Introduction

The atomic clock has revolutionized the 21st century Atlas. What would happen if the Atlas of our time would suddenly shrug? According to Klinkenborg, a writer for Discover magazine, "the Internet would dissolve into an array of freestanding, no-longer-networked computers. ... Trade would abruptly cease on Wall Street, and money and shares would come to rest wherever they were." Jo Ellen Barnett, author of Time's Pendulum, notes that atomic clocks keep the "frequency standard without which our televisions, radios, computers and all our communications systems could not work." It is no understatement to say, as Barnett pointed out, that "modern society is literally held together by electronic technology that routinely communicates by signals synchronized to billionths of a second" (169). While atomic clocks are not an essential element to society's survival, this technology is expanding the limits of telecommunications.

Redefining the Second

Before integrating precise methods of timing into our technology, we first had to define the fundamental unit of time: the second. Initially, the second had been defined as 1/86,400 of a mean solar day, a value obtained by slicing the day into 24 hours, breaking each hour into 60 minutes, and dividing each minute into 60 seconds. With the advent of the atomic clock, a better method of defining the second came into play: instead of breaking up the solar day into smaller and smaller bits, a new "bottom-up definition" came into play where "the day had officially become 86,400 atomic seconds, and the atomic second the single fundamental unit of time" (Barnett 168).
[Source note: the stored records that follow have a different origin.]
Definition dzero := Dual 0 0.
Definition done_ := Dual 1 0.
Definition dopp x := Dual (- dprim x) (- ddual x).
Definition dadd x y := Dual (dprim x + dprim y) (ddual x + ddual y).
(* (a + eps b)(c + eps d) = ac + eps (ad + bc) *)
Definition dmul x y :=
  Dual (dprim x * dprim y) (dprim x * ddual y + ddual x * dprim y).

Lemma daddA : associative dadd.
Proof. by move=> [? ?] [? ?] [? ?]; rewrite /dadd /=; congr Dual; ring. Qed.
Lemma daddC : commutative dadd.
Proof. by move=> [? ?] [? ?]; rewrite /dadd /=; congr Dual; ring. Qed.
Lemma dadd0 : left_id dzero dadd.
Proof. by move=> [? ?]; rewrite /dadd /=; congr Dual; ring. Qed.
Lemma daddN : left_inverse dzero dopp dadd.
Proof. by move=> [? ?]; rewrite /dadd /=; congr Dual; ring. Qed.
Lemma dmulA : associative dmul.
Proof. by move=> [? ?] [? ?] [? ?]; rewrite /dmul /=; congr Dual; ring. Qed.
Lemma dmul1 : left_id done_ dmul.
Proof. by move=> [? ?]; rewrite /dmul /=; congr Dual; ring. Qed.
Lemma dmul1r : right_id done_ dmul.
Proof. by move=> [? ?]; rewrite /dmul /=; congr Dual; ring. Qed.
Lemma dmulDl : left_distributive dmul dadd.
Proof. by move=> [? ?] [? ?] [? ?]; rewrite /dmul /dadd /=; congr Dual; ring. Qed.
Lemma dmulDr : right_distributive dmul dadd.
Proof. by move=> [? ?] [? ?] [? ?]; rewrite /dmul /dadd /=; congr Dual; ring. Qed.
Lemma done_neq0 : done_ != dzero.
Proof. by apply/eqP => -[] /eqP; rewrite oner_eq0. Qed.
Lemma dmulC : commutative dmul.
Proof. by move=> [? ?] [? ?]; rewrite /dmul /=; congr Dual; ring. Qed.

HB.instance Definition _ := GRing.isNzRing.Build dual
  daddA daddC dadd0 daddN dmulA dmul1 dmul1r dmulDl dmulDr done_neq0.
HB.instance Definition _ := GRing.PzRing_hasCommutativeMul.Build dual dmulC.

Definition eps : dual := Dual 0 1.
End Dual.

(* Quaternions over a commutative ring A: q0 + q1 i + q2 j + q3 k,      *)
(* with i^2 = j^2 = k^2 = ijk = -1.                                     *)
Section Quat.
Variable A : comNzRingType.

Record quat := Quat { q0 : A; q1 : A; q2 : A; q3 : A }.

Definition quat_to (x : quat) : A * A * A * A := (q0 x, q1 x, q2 x, q3 x).
Definition quat_of (p : A * A * A * A) : quat := Quat p.1.1.1 p.1.1.2 p.1.2 p.2.
Lemma quat_toK : cancel quat_to quat_of. Proof. by case. Qed.
HB.instance Definition _ := Choice.copy quat (can_type quat_toK).

Definition qzero := Quat 0 0 0 0.
Definition qone := Quat 1 0 0 0.
Definition qopp x := Quat (- q0 x) (- q1 x) (- q2 x) (- q3 x).
Definition qadd x y := Quat (q0 x + q0 y) (q1 x + q1 y) (q2 x + q2 y) (q3 x + q3 y).
Definition qmul x y := Quat
  (q0 x * q0 y - q1 x * q1 y - q2 x * q2 y - q3 x * q3 y)
  (q0 x * q1 y + q1 x * q0 y + q2 x * q3 y - q3 x * q2 y)
  (q0 x * q2 y - q1 x * q3 y + q2 x * q0 y + q3 x * q1 y)
  (q0 x * q3 y + q1 x * q2 y - q2 x * q1 y + q3 x * q0 y).

Lemma qaddA : associative qadd.
Proof. by move=> [? ? ? ?] [? ? ? ?] [? ? ? ?]; rewrite /qadd /=; congr Quat; ring. Qed.
Lemma qaddC : commutative qadd.
Proof. by move=> [? ? ? ?] [? ? ? ?]; rewrite /qadd /=; congr Quat; ring. Qed.
Lemma qadd0 : left_id qzero qadd.
Proof. by move=> [? ? ? ?]; rewrite /qadd /=; congr Quat; ring. Qed.
Lemma qaddN : left_inverse qzero qopp qadd.
Proof. by move=> [? ? ? ?]; rewrite /qadd /=; congr Quat; ring. Qed.
Lemma qmulA : associative qmul.
Proof. by move=> [? ? ? ?] [? ? ? ?] [? ? ? ?]; rewrite /qmul /=; congr Quat; ring. Qed.
Lemma qmul1 : left_id qone qmul.
Proof. by move=> [? ? ? ?]; rewrite /qmul /=; congr Quat; ring. Qed.
Lemma qmul1r : right_id qone qmul.
Proof. by move=> [? ? ? ?]; rewrite /qmul /=; congr Quat; ring. Qed.
Lemma qmulDl : left_distributive qmul qadd.
Proof. by move=> [? ? ? ?] [? ? ? ?] [? ? ? ?]; rewrite /qmul /qadd /=; congr Quat; ring. Qed.
Lemma qmulDr : right_distributive qmul qadd.
Proof. by move=> [? ? ? ?] [? ? ? ?] [? ? ? ?]; rewrite /qmul /qadd /=; congr Quat; ring. Qed.
Lemma qone_neq0 : qone != qzero.
Proof. by apply/eqP => -[] /eqP; rewrite oner_eq0. Qed.

HB.instance Definition _ := GRing.isNzRing.Build quat
  qaddA qaddC qadd0 qaddN qmulA qmul1 qmul1r qmulDl qmulDr qone_neq0.

Definition qconj (x : quat) : quat := Quat (q0 x) (- q1 x) (- q2 x) (- q3 x).
Definition qscal (a : A) : quat := Quat a 0 0 0.
End Quat.

Definition qmap (A B : comNzRingType) (f : A -> B) (x : quat A) : quat B :=
  Quat (f (q0 x)) (f (q1 x)) (f (q2 x)) (f (q3 x)).

Notation H R := (quat R).
Notation DH R := (quat (dual R)).

Definition pconj (A : comNzRingType) (M : {poly quat A}) : {poly quat A} :=
  map_poly (@qconj A) M.

Definition primal_poly (R : comNzRingType) (M : {poly DH R}) : {poly H R} :=
  map_poly (qmap (@dprim R)) M.

Definition primal_dpoly (R : comNzRingType) (N : {poly dual R}) : {poly R} :=
  map_poly (@dprim R) N.

Definition scal_poly (A : comNzRingType) (N : {poly A}) : {poly quat A} :=
  map_poly (@qscal A) N.

From HB Require Import structures.
From mathcomp Require Import all_boot all_order all_algebra.
From mathcomp Require Import reals.
From mathcomp Require Import ring lra.
Import GRing.Theory.
Set Implicit Arguments. Unset Strict Implicit.
Local Open Scope ring_scope.

(* Write N for the monic quadratic divisor of the norm polynomial M conj(M),
   and divide M by N (which is central in DH[t]): M = Q N + (r1 t + r0).
   Since N divides M conj(M), it also divides the norm of the remainder, and
   comparing coefficients gives

       qnorm r0 = qnorm r1 * N_0,    qpolar r0 r1 = qnorm r1 * N_1.

   If qnorm r1 is invertible, the remainder has the unique right root
   h = - qnorm(r1)^-1 conj(r1) r0, and these two relations say exactly that
   -(h + conj h) = N_1 and h conj h = N_0, i.e. (t - h)(t - conj h) = N; a
   right factor t - h of M with this property must be a right root of the
   remainder, whence uniqueness.

   For dual quaternions, qnorm r1 is invertible unless its primal part is 0.
   Over the reals a quaternion of norm zero vanishes, so in that case both r1
   and r0 have zero primal part, and the primal part of N would divide the
   primal part P of M, contrary to the hypothesis. *)

Section QuaternionAlgebra.
Variable A : comNzRingType.
Implicit Types (r s : quat A) (a b : A).
Let leB (b b' : B) : Prop := leA (v b) (v b').

Lemma continuous_pullback_inverse : continuous leB leA v.
Proof.
split=> [x y // | D j _ [ub least]].
split; first by move=> _ [d [Dd ->]]; apply: ub.
move=> a Ha; rewrite -(vK a); apply: least => d Dd.
by rewrite /leB vK; apply: Ha; exists d.
Qed.

Lemma continuous_precomp_iso (g : B -> C) :
  continuous leB leC g -> continuous leA leC (fun a => g (u a)).
Proof.
move=> [g_mono g_join]; split.
  by move=> x y lxy; apply: g_mono; rewrite /leB !vK.
move=> D j [[x0 Dx0] Ddir] [ub least].
have dirU : directed leB (img u D).
  split; first by exists (u x0), x0.
  move=> _ _ [x [Dx ->]] [y [Dy ->]]; have [w [Dw [xw yw]]] := Ddir x y Dx Dy.
  by exists (u w); rewrite /leB !vK; split; [exists w|].
have joinU : is_join leB (img u D) (u j).
  split; first by move=> _ [x [Dx ->]]; rewrite /leB !vK; apply: ub.
  move=> b Hb; rewrite /leB vK; apply: least => x Dx.
  by rewrite -(vK x); apply: Hb; exists x.
apply: join_ext (g_join _ _ dirU joinU) => q; split.
  by move=> [_ [[x [Dx ->]] ->]]; exists x.
by move=> [x [Dx ->]]; exists (u x); split=> //; exists x.
Qed.

End OrderIsomorphism.

Section SumFunctor.
Context {F : SetFunctor} {X : Type}.

Lemma Gmap_id {A : Type} (z : F A + X) : Gmap F (fun a => a) z = z.
Proof. by case: z => [a|x] //=; rewrite fmap_id. Qed.

Lemma Gmap_comp {A B C : Type} (f : A -> B) (g : B -> C) (z : F A + X) :
  Gmap F g (Gmap F f z) = Gmap F (fun a => g (f a)) z.
Proof. by case: z => [a|x] //=; rewrite -fmap_comp. Qed.

Lemma Gmap_ext {A B : Type} {f g : A -> B} (z : F A + X) :
  (forall a, f a = g a) -> Gmap F f z = Gmap F g z.
Proof. by move=> fg; rewrite (functional_extensionality _ _ fg). Qed.

Lemma initial_algebra_ind {A : Type} {alpha : F A + X -> A} (P : A -> Prop) :
  is_initial_algebra alpha ->
  (forall z : F {a | P a} + X, P (alpha (Gmap F (@proj1_sig _ _) z))) ->
  forall a, P a.
Proof.
move=> Halpha closed a.
have [h [Hh _]] := Halpha _ (fun z => exist _ _ (closed z)).
have [h0 [_ Uh0]] := Halpha _ alpha.
have Eh : forall a, proj1_sig (h a) = h0 a.
  by move=> b; apply: (Uh0 (fun b => proj1_sig (h b))) => z; rewrite Hh /= Gmap_comp.
have Eid : forall a, a = h0 a by move=> b; apply: (Uh0 (fun b => b)) => z; rewrite Gmap_id.
by move: (proj2_sig (h a)); rewrite Eh -Eid.
Qed.

Lemma terminal_coalgebra_endo {A : Type} {alpha : A -> F A + X} (h : A -> A) :
  is_terminal_coalgebra alpha -> (forall y, alpha (h y) = Gmap F h (alpha y)) ->
  forall y, h y = y.
Proof.
move=> Halpha Hh y; have [h0 [_ Uh0]] := Halpha _ alpha.
by rewrite (Uh0 h Hh); symmetry; apply: (Uh0 (fun b => b)) => b; rewrite Gmap_id.
Qed.

End SumFunctor.

(* If [F] preserves the limit [L] of an omega^op-chain [B], so does [F(-) + X]:
   along a cone into the chain [F (B n) + X] an element either stays in [X],
   constantly, or stays in the [F]-summand, where the limit of [F] applies. *)
Section SumChainLimit.
Context {F : SetFunctor} {X : Type} {B : nat -> Type} {f : forall n, B n.+1 -> B n}.
Context {L : Type} {p : forall n, L -> B n}.
Hypothesis HL : is_chain_limit (A := fun n => F (B n)) (fun n => fmap F (f n))
                               (fun n => fmap F (p n)).
Context {Z : Type} {z : forall n, Z -> F (B n) + X}.
Hypothesis Hz : is_chain_cone (A := fun n => (F (B n) + X)%type) (fun n => Gmap F (f n)) z.

Lemma sum_cone_inr y x n : z 0 y = inr x -> z n y = inr x.
Proof.
move=> E; elim: n => [//|n IH]; case E': (z n.+1 y) => [c|x'].
  by move: (Hz n y); rewrite E' IH.
by move: (Hz n y); rewrite E' IH => /= -[->].
Qed.

Lemma sum_cone_inl y c n : z 0 y = inl c -> exists c', z n y = inl c'.
Proof.
move=> E; case E': (z n y) => [c'|x]; first by exists c'.
suff: z 0 y = inr x by rewrite E.
by elim: n E' => [//|n IH] E'; apply: IH; rewrite -(Hz n y) E'.
Qed.

Definition inl_part := {y : Z | forall n, exists c, z n y = inl c}.

Definition inl_comp n (y : inl_part) : F (B n) :=
  proj1_sig (constructive_indefinite_description _ (proj2_sig y n)).

Lemma inl_compE n y : z n (proj1_sig y) = inl (inl_comp n y).
Proof. by rewrite /inl_comp; case: (constructive_indefinite_description _ _). Qed.

Lemma inl_comp_cone :
  is_chain_cone (A := fun n => F (B n)) (fun n => fmap F (f n)) inl_comp.
Proof. by move=> n y; have := Hz n (proj1_sig y); rewrite !inl_compE => -[]. Qed.

Lemma sum_cone_mediator : exists h : Z -> F L + X,
  (forall n y, Gmap F (p n) (h y) = z n y) /\
  forall h' : Z -> F L + X, (forall n y, Gmap F (p n) (h' y) = z n y) -> forall y, h' y = h y.
Proof.
have [hM [HhM UhM]] := proj2 HL _ _ inl_comp_cone.
pose h0 (y : Z) (e : F (B 0) + X) (E : z 0 y = e) : F L + X :=
  match e as e0 return z 0 y = e0 -> F L + X with
  | inl c => fun E => inl (hM (exist _ y (fun n => sum_cone_inl y c n E)))
  | inr x => fun _ => inr x end E.
exists (fun y => h0 y (z 0 y) erefl); split.
  move=> n y; suff: forall e E, Gmap F (p n) (h0 y e E) = z n y by apply.
  case=> [c|x] E /=; last by rewrite (sum_cone_inr y x n E).
  by rewrite HhM (inl_compE n (exist _ y (fun k => sum_cone_inl y c k E))).
move=> h' Hh' y; suff: forall e E, h' y = h0 y e E by apply.
case=> [c|x] E /=; case E1: (h' y) => [u|x1]; have := Hh' 0 y; rewrite E1 E //=.
  2: by move=> -[->].
(* In the [F]-summand, [h'] is a mediating map for the cone [inl_comp], so it is [hM]. *)
pose hM' (w : inl_part) : F L := if h' (proj1_sig w) is inl u then u else hM w.
set yE := exist _ y (fun n => sum_cone_inl y c n E).
have <- : hM' yE = hM yE.
  apply: UhM => n w; rewrite /hM'; case E2: (h' (proj1_sig w)) => [u'|x'].
    by have := Hh' n (proj1_sig w); rewrite E2 inl_compE /= => -[].
  by have := Hh' 0 (proj1_sig w); rewrite E2 inl_compE.
by rewrite /hM' /= E1.
Qed.

End SumChainLimit.

Lemma sum_chain_limit {F : SetFunctor} {X : Type} {B : nat -> Type}
    {f : forall n, B n.+1 -> B n} {L : Type} {p : forall n, L -> B n} :
  is_chain_limit (A := fun n => F (B n)) (fun n => fmap F (f n)) (fun n => fmap F (p n)) ->
  is_chain_limit (A := fun n => (F (B n) + X)%type) (fun n => Gmap F (f n))
                 (fun n => Gmap F (p n)).
Proof.
move=> HL; split; first by move=> n [u|x] //=; congr inl; apply: (proj1 HL).
by move=> Z z Hz; exact: (sum_cone_mediator HL Hz).
Qed.

Lemma finite_common_bound {k : nat} (P : 'I_k -> nat -> Prop) :
  (forall i n N, n <= N -> P i n -> P i N) -> (forall i, exists n, P i n) ->
  exists N, forall i, P i N.
Proof.
elim: k P => [|k IH] P Pmono Pex; first by exists 0 => -[].
have [N1 HN1] := IH (fun i n => P (lift ord0 i) n) (fun i => Pmono _) (fun i => Pex _).
have [N0 HN0] := Pex ord0.
exists (maxn N0 N1) => i; case: (unliftP ord0 i) => [j ->|->].
- by apply: (Pmono _ N1); [rewrite leq_maxr|].
- by apply: (Pmono _ N0); [rewrite leq_maxl|].
Qed.

Section Completion.
Context {F : SetFunctor} {Sigma : nat -> Type} {eps : forall Y : Type, HS Sigma Y -> F Y}.
Hypothesis Heps : is_presentation eps.
Context {X : Type} (p' : Sigma 0 + X).
Context {PhiX : Type} {phi : F PhiX + X -> PhiX}.
Hypothesis Hphi : is_initial_algebra phi.
Context {PsiX : Type} {tau : PsiX -> F PsiX + X} {tau_inv : F PsiX + X -> PsiX}.
Hypothesis tau_invK : forall x, tau_inv (tau x) = x.
Context {m : PhiX -> PsiX}.
Hypothesis Hm : forall z, tau (m (phi z)) = Gmap F m z.

Lemma eps_nat (A B : Type) (f : A -> B) n s (ys : 'I_n -> A) :
  fmap F f (eps A (existT _ n (s, ys))) = eps B (existT _ n (s, fun i => f (ys i))).
Proof. by rewrite -(proj1 Heps). Qed.

Lemma tau_inj x y : tau x = tau y -> x = y.
Proof. by move=> E; rewrite -(tau_invK x) E tau_invK. Qed.

Definition base_point : PhiX := hX eps phi (pleaf p').

Fixpoint trunc (n : nat) (y : PsiX) : PhiX :=
  if n is k.+1 then phi (Gmap F (trunc k) (tau y)) else base_point.

Lemma trunc_m_phi k z : trunc k.+1 (m (phi z)) = phi (Gmap F (fun a => trunc k (m a)) z).
Proof. by rewrite /= Hm Gmap_comp. Qed.

Lemma trunc_base k : trunc k (m base_point) = base_point.
Proof.
case: k => // k; rewrite /base_point; case: p' => [s|x].
- rewrite [pleaf _]/= [hX _ _ (FNode _ _)]/= trunc_m_phi /=; congr (phi (inl _)).
  rewrite eps_nat; congr (eps _ (existT _ 0 (s, _))).
  by apply: functional_extensionality => -[].
- by rewrite [pleaf _]/= [hX _ _ (FLeaf _)]/= trunc_m_phi.
Qed.

Lemma trunc_trunc k n y : trunc k (m (trunc n y)) = trunc (minn k n) y.
Proof.
elim: k n y => [|k IH] n y; first by rewrite min0n.
case: n => [|n]; first by rewrite minn0 trunc_base.
rewrite [trunc n.+1 y]/= trunc_m_phi Gmap_comp minnSS /=.
by congr phi; apply: Gmap_ext => a; rewrite IH.
Qed.

Lemma trunc_idem n y : trunc n (m (trunc n y)) = trunc n y.
Proof. by rewrite trunc_trunc minnn. Qed.

Lemma trunc_fixed_mono n N a : n <= N -> trunc n (m a) = a -> trunc N (m a) = a.
Proof. by move=> le_nN E; rewrite -{1}E trunc_trunc (minn_idPr le_nN) E. Qed.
Equally interesting as to how the second is defined is the question of why the second had to be redefined. If we use the solar day to measure the second, we quickly discover by scientific experiments the inadequacy of using the earth as our timekeeper. The problem stems from the erroneous assumption that the earth consistently traces out the same path around the sun. Scientists have evidence that points to how the earth does not run like clockwork; it displays idiosyncrasies such as wobbling about its axis and, like its interstellar neighbors, is "gradually losing energy, slowing down, and spiraling toward the sun" (Barnett 166). The idea here is that the distance between the sun and earth is decreasing very slowly over time.

Understanding how the old definition of the second proved to be inadequate in carrying out accurate measurements gives us motivation to find a better mechanism to measure time. According to Thomas Udem of the Max Planck Institute for Quantum Optics in Garching, Germany, to better the accuracy of a clock one needs to "increase the rate at which it 'ticks'" (Marks 186: 29). In other words, by decreasing the period of the clock, one automatically increases its accuracy. Consider the following: the purpose of a pendulum in a clock is to keep track of the seconds. Imagine taking that pendulum and swinging it faster and faster from side to side, thus decreasing the period, or the amount of time it takes for the pendulum to swing from one side to the other. Now make that pendulum 'tick' more than a billion times from side to side. If you were to compare this altered pendulum rate with that of a regular pendulum clock, you would be able to define a second in the regular pendulum clock by the number of times the former pendulum swung side to side within that second. This model is very similar to how vibrating atoms were used to define the length of a second. In the 1967 General Conference of Weights and Measures, this very method was used to define the length of the second as the "duration of 9,192,631,770 cycles of microwave light absorbed or emitted by the hyperfine transition of Cesium-133 atoms in their ground state undisturbed by external fields" (Breakiron).

Nature's Tiny Pendulums

Before we understand specifically how we can harness the vibrations of a Cesium atom to accurately define the length of a second, we must take a look into the nature of atoms. What makes atomic clocks so special is how the atom can resonate at the exact same frequency whether it is here in the US or halfway around the world or in outer space. Identical atoms will emit and absorb the same frequency that changes their state; they share the same properties. Try comparing two mechanical clocks or two quartz clocks in different locations and you won't get that kind of precision. The beauty of atomic clocks resides in their ability to act as near ideal pendulums. No friction, no aging, no distortion, and no running down - the atom proves to be the best known timekeeper.

Although it is the best known timekeeper, it is not a perfect timekeeper. An atomic clock's precision can be tampered with if one allows external magnetic fields or electromagnetic radiation to interfere with the atoms. Even atoms bumping into each other contributes to a slight decrease in the accuracy of the clock. To get a near ideal pendulum, you need to screen out as many external influences as possible.